More cores doesn’t always mean higher performance. Aligning paired end illumina reads to a reference genome can be performed in bowtie2 with multiple cores using the -p option. Other people haven’t found much of a performance gain above 8 cores, but results can differ between systems. Here, I’ll take a look at what seems to work fastest on the cluster I have access to; 4, 8, 16 or 32 cores (anything above 32 will probably take too long to queue on the cluster as it’s usually quite busy).
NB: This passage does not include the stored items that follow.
(* Let $n,k$ be integers with $2\le 2k\le n-4$ and let $\lambda\in\overline{\mathcal{U}}_{T_{n,n-2k}}$. Then the Young diagram $\mathrm{KN}(S_\lambda)$ has exactly $2n-3+2k$ cells; consequently the sum of the hook lengths of the cells on its main diagonal is $2n-3+2k$.
   Context: A partition of $N$ into distinct parts is a sequence $\lambda=(\lambda_1<\dots<\lambda_t)$ of positive integers with sum $N$ and $t\ge 2$, identified with its set of parts. Missing parts: $\mathcal{M}_\lambda=\{1,\dots,\lambda_t\}\setminus\lambda$. $\lambda$ is refinable if two distinct missing parts sum to a part of $\lambda$, unrefinable otherwise; $\mathcal{U}_N$ is the set of unrefinable partitions of $N$. An element of $\mathcal{U}_N$ is maximal if its largest part is the maximum of the largest parts of elements of $\mathcal{U}_N$; $\widetilde{\mathcal{U}}_N$ is the set of these and $\overline{\mathcal{U}}_N=\{\lambda\in\widetilde{\mathcal{U}}_N:\#\mathcal{M}_\lambda=\lfloor\lambda_t/2\rfloor\}$. $T_n=n(n+1)/2$, $T_{n,d}=T_n-d$. $S_\lambda=\mathbb{N}_0\setminus\lambda$. The Keith–Nath transformation sends a set $S\subseteq\mathbb{N}_0$ with $0\in S$ and finite complement to the Young diagram $\mathrm{KN}(S)$ whose boundary is the lattice path that, starting at the origin, takes for $j=0,1,\dots,\max(\mathbb{N}_0\setminus S)$ an east step if $j\in S$ and a north step otherwise. Hook length of a cell = (cells to its right in its row) + (cells below it in its column) + 1; the main diagonal consists of the cells in row $i$, column $i$. *)

From mathcomp Require Import all_boot.
Set Implicit Arguments. Unset Strict Implicit. Unset Printing Implicit Defensive.

(* A partition into distinct parts is represented by the strictly increasing
   sequence of its parts lambda_1 < ... < lambda_t. *)
Definition distinct_partition (N : nat) (l : seq nat) : Prop :=
  [/\ sorted ltn l, all (fun x => 0 < x) l, sumn l = N & 2 <= size l].

Definition largest (l : seq nat) : nat := last 0 l.

Definition missing (l : seq nat) : seq nat :=
  [seq m <- iota 1 (largest l) | m \notin l].

Definition refinable (l : seq nat) : Prop :=
  exists a b, [/\ a \in missing l, b \in missing l, a != b & a + b \in l].

Definition unrefinable (N : nat) (l : seq nat) : Prop :=
  distinct_partition N l /\ ~ refinable l.

Definition maximal_unrefinable (N : nat) (l : seq nat) : Prop :=
  unrefinable N l /\ forall mu, unrefinable N mu -> largest mu <= largest l.

Definition bar_U (N : nat) (l : seq nat) : Prop :=
  maximal_unrefinable N l /\ size (missing l) = (largest l)./2.

Definition T (n : nat) : nat := n * n.+1 %/ 2.
Definition Tnd (n d : nat) : nat := T n - d.

Definition S_of (l : seq nat) : pred nat := fun x => x \notin l.

(* For S with 0 \in S and finite complement whose
   maximum is m, the boundary path takes for j = 0..m an east step if j \in S
   and a north step otherwise.  The row of the diagram created at the north
   step j has as many cells as east steps preceding it.  Listing rows from the
   top (English convention: last north step first) gives the partition
   (weakly decreasing sequence of row lengths). *)
Definition KN (S : pred nat) (m : nat) : seq nat :=
  [seq count S (iota 0 j) | j <- rev (iota 0 m.+1) & ~~ S j].

Definition ncells (p : seq nat) : nat := sumn p.

Definition is_cell (p : seq nat) (r c : nat) : bool := c < nth 0 p r.

Definition hook (p : seq nat) (r c : nat) : nat :=
  (nth 0 p r - c.+1) + count (fun r' => c < nth 0 p r') (iota r.+1 (size p - r.+1)) + 1.

Definition diag_hook_sum (p : seq nat) : nat :=
  \sum_(0 <= i < size p | is_cell p i i) hook p i i.

From mathcomp Require Import all_boot zify.

Set Implicit Arguments.
Unset Strict Implicit.
Unset Printing Implicit Defensive.

(* Maximality forces the largest part x of lambda to be at least 2n-5, because
   unrefinable partitions of T_{n,n-2k} with largest part 2n-5 exist.  With
   floor(x/2) missing parts, lambda has s = ceil(x/2) >= n-2 parts, and
   s >= n-1 would push its sum to at least T_n - 2; hence s = n-2.  The row of
   KN(S_lambda) created by the i-th smallest part lambda_i has lambda_i - i + 1
   cells, so the diagram has |lambda| - C(s,2) = 2n-3+2k cells.  In any Young
   diagram the diagonal hook lengths add up to the number of cells. *)

Lemma bin2S m : 'C(m.+1, 2) = 'C(m, 2) + m.
Proof. by rewrite binS bin1. Qed.

Lemma bin2D a b : 'C(a + b, 2) = 'C(a, 2) + a * b + 'C(b, 2).
Proof.
elim: b => [|b IHb]; first by rewrite addn0 muln0 !addn0.
by rewrite addnS !bin2S IHb; lia.
Qed.

Lemma T_bin2 n : T n = 'C(n.+1, 2).
Proof. by rewrite /T bin2 /= mulnC divn2. Qed.

Lemma sumn_iota1 m : sumn (iota 1 m) = 'C(m.+1, 2).
Proof. by rewrite -bin2_sum sumnE /index_iota subn0 big_cons. Qed.

Lemma sum_nat_ltn c s : c <= s -> \sum_(0 <= i < s) (i < c : nat) = c.
Proof.
move=> le_cs; rewrite (big_cat_nat (leq0n c) le_cs) /=.
rewrite [X in X + _](eq_big_nat _ _ (F2 := fun _ => 1)) => [|i /andP[_ ->] //].
rewrite sum_nat_const_nat muln1 subn0 big1_seq ?addn0 // => i.
by rewrite mem_index_iota => /andP[_ /andP[/leq_gtF ->]].
Qed.

Lemma sumn_sorted_ltn_lb c s :
  sorted ltn s -> all (leq c) s -> 'C(size s, 2) + c * size s <= sumn s.
Proof.
elim: s c => [|x s IHs] c; first by rewrite muln0.
move=> /= path_xs /andP[le_cx _].
have := IHs x.+1 (path_sorted path_xs) (order_path_min ltn_trans path_xs).
rewrite bin2S; nia.
Qed.

Lemma sorted_ltn_leq_last l x : sorted ltn l -> x \in l -> x <= last 0 l.
Proof.
case/lastP: l => [|p y] //; rewrite sorted_pairwise -?cats1 ?pairwise_cat; last exact: ltn_trans.
case/and3P=> /allrelP lt_py _ _; rewrite last_cat /= mem_cat inE.
by case/orP=> [/lt_py/(_ (mem_head y [::]))/ltnW | /eqP ->].
Qed.

Lemma count_mem_iota_uniq l a m :
  uniq l -> count (mem l) (iota a m) = count (fun y => a <= y < a + m) l.
Proof.
move=> uniq_l; rewrite -!size_filter; apply: perm_size.
apply: uniq_perm; rewrite ?filter_uniq ?iota_uniq // => y.
by rewrite !mem_filter mem_iota andbC.
Qed.

Lemma size_missing l :
  sorted ltn l -> all (leq 1) l -> size (missing l) = largest l - size l.
Proof.
move=> sorted_l pos_l; have uniq_l := sorted_uniq ltn_trans ltnn sorted_l.
have in_range : count (fun y => 1 <= y < 1 + largest l) l = size l.
  apply/eqP; rewrite -all_count; apply/allP => y l_y.
  by rewrite (allP pos_l) //= add1n ltnS sorted_ltn_leq_last.
have := count_predC (mem l) (iota 1 (largest l)).
rewrite size_iota count_mem_iota_uniq // in_range /missing size_filter.
by rewrite -[count _ (iota _ _)]/(count (predC (mem l)) _); lia.
Qed.

Lemma KN_sorted S m : sorted geq (KN S m).
Proof.
rewrite sorted_map; apply: sorted_filter; first exact/relpre_trans/rev_trans/leq_trans.
rewrite rev_sorted; apply: sub_sorted (iota_sorted 0 m.+1) => i j /= le_ij.
by rewrite -(subnKC le_ij) iotaD count_cat leq_addr.
Qed.

Lemma count_ltn_add_gtn x s :
  x \notin s -> count (ltn^~ x) s + count (ltn x) s = size s.
Proof.
elim: s => //= y s IHs; rewrite inE negb_or => /andP[ne_xy /IHs].
by case: ltngtP ne_xy => //= _ _; lia.
Qed.

Lemma sumn_count_ltn s :
  uniq s -> sumn [seq count (ltn^~ j) s | j <- s] = 'C(size s, 2).
Proof.
elim: s => //= x s IHs /andP[s'x /IHs IHs']; rewrite ltnn bin2S -IHs'.
have := count_ltn_add_gtn s'x; rewrite -(sumn_count (ltn x)).
rewrite !sumnE !big_map big_split /=.
lia.
Qed.

Lemma count_S_of l j :
  uniq l -> count (S_of l) (iota 0 j) + count (ltn^~ j) l = j.
Proof.
move=> uniq_l; have := count_predC (mem l) (iota 0 j).
by rewrite size_iota count_mem_iota_uniq // addnC.
Qed.

Lemma ncells_KN l m :
  uniq l -> all (leq^~ m) l -> ncells (KN (S_of l) m) + 'C(size l, 2) = sumn l.
Proof.
move=> uniq_l le_lm.
have perm_l : perm_eq [seq j <- rev (iota 0 m.+1) | ~~ S_of l j] l.
  apply: uniq_perm; rewrite ?filter_uniq ?rev_uniq ?iota_uniq // => j.
  rewrite mem_filter /S_of negbK mem_rev mem_iota andbC.
  by case l_j: (j \in l); rewrite ?andbT ?andbF // add0n ltnS (allP le_lm).
rewrite /ncells /KN (perm_sumn (perm_map _ perm_l)) -(sumn_count_ltn uniq_l).
rewrite !sumnE !big_map -big_split /=.
by apply: eq_bigr => j _; rewrite count_S_of.
Qed.

Lemma hook_diag_eq p i : sorted geq p -> i < size p ->
  (if is_cell p i i then hook p i i else 0) =
  (nth 0 p i - i) + \sum_(0 <= r < size p) ((i < r) && (i < nth 0 p r) : nat).
Proof.
move=> dec_p lt_ip.
have -> : \sum_(0 <= r < size p) ((i < r) && (i < nth 0 p r) : nat) =
          count (fun r => i < nth 0 p r) (iota i.+1 (size p - i.+1)).
  rewrite (big_cat_nat (leq0n i.+1) lt_ip) /= big1_seq => [|r]; last first.
    by rewrite mem_index_iota ltnS => /andP[_ /leq_gtF ->].
  rewrite add0n -sum1_count [RHS]big_mkcond; apply: eq_big_nat => r /andP[lt_ir _].
  by rewrite lt_ir; case: (i < _).
rewrite /is_cell /hook; case: ltnP => [|le_pi]; first by lia.
rewrite (eq_in_count (a2 := pred0)) ?count_pred0 => [|r]; first by lia.
rewrite mem_iota => /andP[lt_ir lt_rp] /=; apply/negbTE; rewrite -leqNgt.
apply: leq_trans le_pi.
by apply: (sorted_leq_nth (rev_trans leq_trans) leqnn 0 dec_p); rewrite ?inE; lia.
Qed.

Lemma diag_hook_sum_ncells p : sorted geq p -> diag_hook_sum p = ncells p.
Proof.
move=> dec_p; rewrite /diag_hook_sum big_mkcond /=.
rewrite (eq_big_nat _ _ (fun i lt_ip => hook_diag_eq dec_p (proj2 (andP lt_ip)))).
rewrite big_split /= exchange_big_nat /= -big_split /ncells sumnE [RHS](big_nth 0).
apply: eq_big_nat => r /andP[_ lt_rp] /=.
rewrite (eq_bigr (fun i => (i < minn r (nth 0 p r) : nat))) => [|i _]; last by rewrite leq_min.
by rewrite sum_nat_ltn; [lia | exact: leq_trans (geq_minl _ _) (ltnW lt_rp)].
Qed.

Lemma bin2_size_largest_le_sumn l :
  sorted ltn l -> all (leq 1) l -> 'C(size l, 2) + largest l <= sumn l.
Proof.
case/lastP: l => [|p x] //; rewrite -cats1 all_cat => /cat_sorted2[sorted_p _].
case/andP=> /(sumn_sorted_ltn_lb sorted_p) sumn_p _.
by rewrite cats1 /largest last_rcons size_rcons sumn_rcons bin2S; lia.
Qed.

Definition witness_tight n : seq nat := rcons (iota 1 (n - 2)) (2 * n - 5).

Lemma unrefinable_witness_tight n :
  4 <= n -> unrefinable (T n - 4) (witness_tight n).
Proof.
move=> le4n.
have mem_w x : (x \in witness_tight n) = (0 < x < n - 1) || (x == 2 * n - 5).
  by rewrite mem_rcons inE mem_iota orbC add1n -subSn; last lia.
split; first split.
- rewrite /witness_tight -cats1 (sorted_pairwise ltn_trans) pairwise_cat.
  rewrite -(sorted_pairwise ltn_trans) iota_ltn_sorted allrel1r /= andbT.
  by apply/allP => x; rewrite mem_iota; lia.
- rewrite /witness_tight all_rcons; apply/andP; split; first lia.
  by apply/allP => x; rewrite mem_iota; lia.
- rewrite /witness_tight sumn_rcons sumn_iota1 T_bin2.
  have -> : n.+1 = (n - 2).+1 + 2 by lia.
  rewrite bin2D binn; lia.
- by rewrite size_rcons size_iota; lia.
case=> a [b []]; rewrite /missing /largest last_rcons !mem_filter !mem_iota !mem_w.
lia.
Qed.

(* (n-3-k) + (n-2+k) = 2n-5, but n-2+k is a part, not a missing one. *)
Definition witness n k : seq nat :=
  [seq i <- iota 1 (n - 4) | i != n - 3 - k] ++ [:: n - 2; n - 2 + k; 2 * n - 5].

Lemma unrefinable_witness n k :
  1 <= k -> 2 * k + 4 < n -> unrefinable (Tnd n (n - 2 * k)) (witness n k).
Proof.
move=> k_gt0 lt_kn.
have mem_w x : (x \in witness n k) =
    [|| (0 < x < n - 3) && (x != n - 3 - k), x == n - 2, x == n - 2 + k | x == 2 * n - 5].
  by rewrite mem_cat mem_filter mem_iota !inE andbC add1n -subSn; last lia.
split; first split.
- rewrite /witness (sorted_pairwise ltn_trans) pairwise_cat.
  rewrite -!(sorted_pairwise ltn_trans) sorted_filter ?iota_ltn_sorted //=; last exact: ltn_trans.
  apply/and3P; split; [|lia|lia].
  by apply/allrelP => x y; rewrite mem_filter mem_iota !inE; lia.
- rewrite /witness all_cat /=; apply/andP; split; last lia.
  by apply/allP => x; rewrite mem_filter mem_iota; lia.
- rewrite /witness /Tnd sumn_cat /= sumnE big_filter.
  have in_iota : n - 3 - k \in iota 1 (n - 4) by rewrite mem_iota; lia.
  have := bigD1_seq (F := id) (op := addn) (x := 0) _ in_iota (iota_uniq 1 (n - 4)).
  rewrite -sumnE sumn_iota1 T_bin2 /=.
  have -> : n.+1 = (n - 4).+1 + 4 by lia.
  by rewrite bin2D (_ : 'C(4, 2) = 6) //; lia.
- by rewrite /witness size_cat /=; lia.
case=> a [b []]; rewrite /missing /largest last_cat /= !mem_filter !mem_iota !mem_w.
lia.
Qed.

Lemma exists_unrefinable_largest n k : 1 <= k -> 2 * k + 4 <= n ->
  exists2 mu, unrefinable (Tnd n (n - 2 * k)) mu & largest mu = 2 * n - 5.
Proof.
move=> k_gt0; rewrite leq_eqVlt => /predU1P[tight | lt_kn].
  exists (witness_tight n); last by rewrite /largest last_rcons.
  rewrite /Tnd (_ : n - 2 * k = 4); last lia.
  by apply: unrefinable_witness_tight; lia.
exists (witness n k); first exact: unrefinable_witness.
by rewrite /largest last_cat.
Qed.

Lemma size_bar_U n k l : 1 <= k -> 2 * k + 4 <= n ->
  bar_U (Tnd n (n - 2 * k)) l -> size l = n - 2.
Proof.
move=> k_gt0 le_kn [[[[sorted_l pos_l sum_l _] _] max_l] half_missing].
have [mu mu_unref mu_largest] := exists_unrefinable_largest k_gt0 le_kn.
have := max_l mu mu_unref; rewrite mu_largest => le_largest.
rewrite size_missing // -divn2 in half_missing.
have := bin2_size_largest_le_sumn sorted_l pos_l.
rewrite sum_l /Tnd T_bin2 => sumn_lb.
suff : size l <= n - 2 by lia.
rewrite leqNgt; apply/negP => lt_size; have := leq_bin2l 2 lt_size.
rewrite (_ : n.+1 = (n - 2).+1 + 2) in sumn_lb; last lia.
by rewrite bin2D binn in sumn_lb; lia.
Qed.

Theorem proposition4p5 (n k : nat) (l : seq nat) :
  2 <= 2 * k -> 2 * k + 4 <= n ->
  bar_U (Tnd n (n - 2 * k)) l ->
  ncells (KN (S_of l) (largest l)) = 2 * n - 3 + 2 * k /\
  diag_hook_sum (KN (S_of l) (largest l)) = 2 * n - 3 + 2 * k.
Proof.
move=> k_gt0 le_kn bar_l; have k_pos : 0 < k by lia.
have size_l := size_bar_U k_pos le_kn bar_l.
have [[[[sorted_l _ sum_l _] _] _] _] := bar_l.
have le_largest : all (leq^~ (largest l)) l.
  by apply/allP => x; apply: sorted_ltn_leq_last.
have ncells_l : ncells (KN (S_of l) (largest l)) = 2 * n - 3 + 2 * k.
  have := ncells_KN (sorted_uniq ltn_trans ltnn sorted_l) le_largest.
  rewrite size_l sum_l /Tnd T_bin2 (_ : n.+1 = (n - 2) + 3); last lia.
  by rewrite bin2D (_ : 'C(3, 2) = 3) //; lia.
by rewrite diag_hook_sum_ncells ?KN_sorted.
Qed.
  1. Start by making a bash script to time and run bowtie2 to align some reads to a reference genome. Paste the following into bowtietest.sh
            #!/bin/bash
            # usage: bowtietest.sh /path/to/RefereceIndexed /path/to/forwardreads.fastq.gz /path/to/reversereads.fastq.gz /path/to/output.sam <number of threads>
    
            reference=$1
            forward=$2
            reverse=$3
            output=$4
            nodes=$5
    
            (time /panhome/shearn/bin/bowtie2-2.2.7/bowtie2 -p $nodes -x $reference -1 $forward -2 $reverse -S $output."$nodes") > "$output"."$nodes"time.log
    
            

    Here, we specify a number of arguments during execution of the script, including nodes/cores. The bowtie2 alignment will be output as usual, alongside a logfile that will tell us how long the alignment took. Note that the reference has already been indexed, and one must specify the location of bowtie2. Make sure to make the script executable with:

            chmod +x bowtietest.sh
            
  2. The cluster I have access to handles job submission with Torque and Maui. So next we can write a PBS script that will allow us to submit multiple jobs that utilize varying numbers of cores. Paste the following into bowtietest.pbs
            #PBS -l walltime=24:00:00
            #PBS -o /path/to/output/log/
            #PBS -e /path/to/error/log/
            /path/to/bowtietest.sh $reference $forward $reverse $output $nodes
            

    Make sure to make the script executable with:

            chmod +x bowtietest.pbs
            
  3. Now we can run bowtietest.pbs a number of times, passing different parameters to the variables we specified. In particular we want to increase the number of cores, trying to keep the total memory quota about the same (at the time I had two .fastq.gz files that were about 24gb each.
            qsub -v forward=/path/to/forwardreads.fastq.gz,reverse=/path/to/reversereads.fastq.gz,reference=/path/to/indexedreference,output=/path/to/reads.sam,nodes=4 -l nodes=1:ppn=4,mem=6gb bowtietest.pbs
            qsub -v forward=/path/to/forwardreads.fastq.gz,reverse=/path/to/reversereads.fastq.gz,reference=/path/to/indexedreference,output=/path/to/reads.sam,nodes=8 -l nodes=1:ppn=8,mem=4gb bowtietest.pbs
            qsub -v forward=/path/to/forwardreads.fastq.gz,reverse=/path/to/reversereads.fastq.gz,reference=/path/to/indexedreference,output=/path/to/reads.sam,nodes=16 -l nodes=1:ppn=16,mem=3gb bowtietest.pbs
            qsub -v forward=/path/to/forwardreads.fastq.gz,reverse=/path/to/reversereads.fastq.gz,reference=/path/to/indexedreference,output=/path/to/reads.sam,nodes=32 -l nodes=1:ppn=32,mem=3gb bowtietest.pbs
            
  4. Once the jobs have finished, there should be four lots of output files in the directory specified. The files for each job should be stamped with the number of cores. For example if we want to know how long the job using 4 cores took we could open reads.sam.4time.log . If we plot all of the results we can see that time is still decreasing even at 32 cores.
    bowtiecal
    Keep in mind that if the cluster is really busy, the queue time for 32 cores may outweigh this improvement and it could be better to go with 16 cores.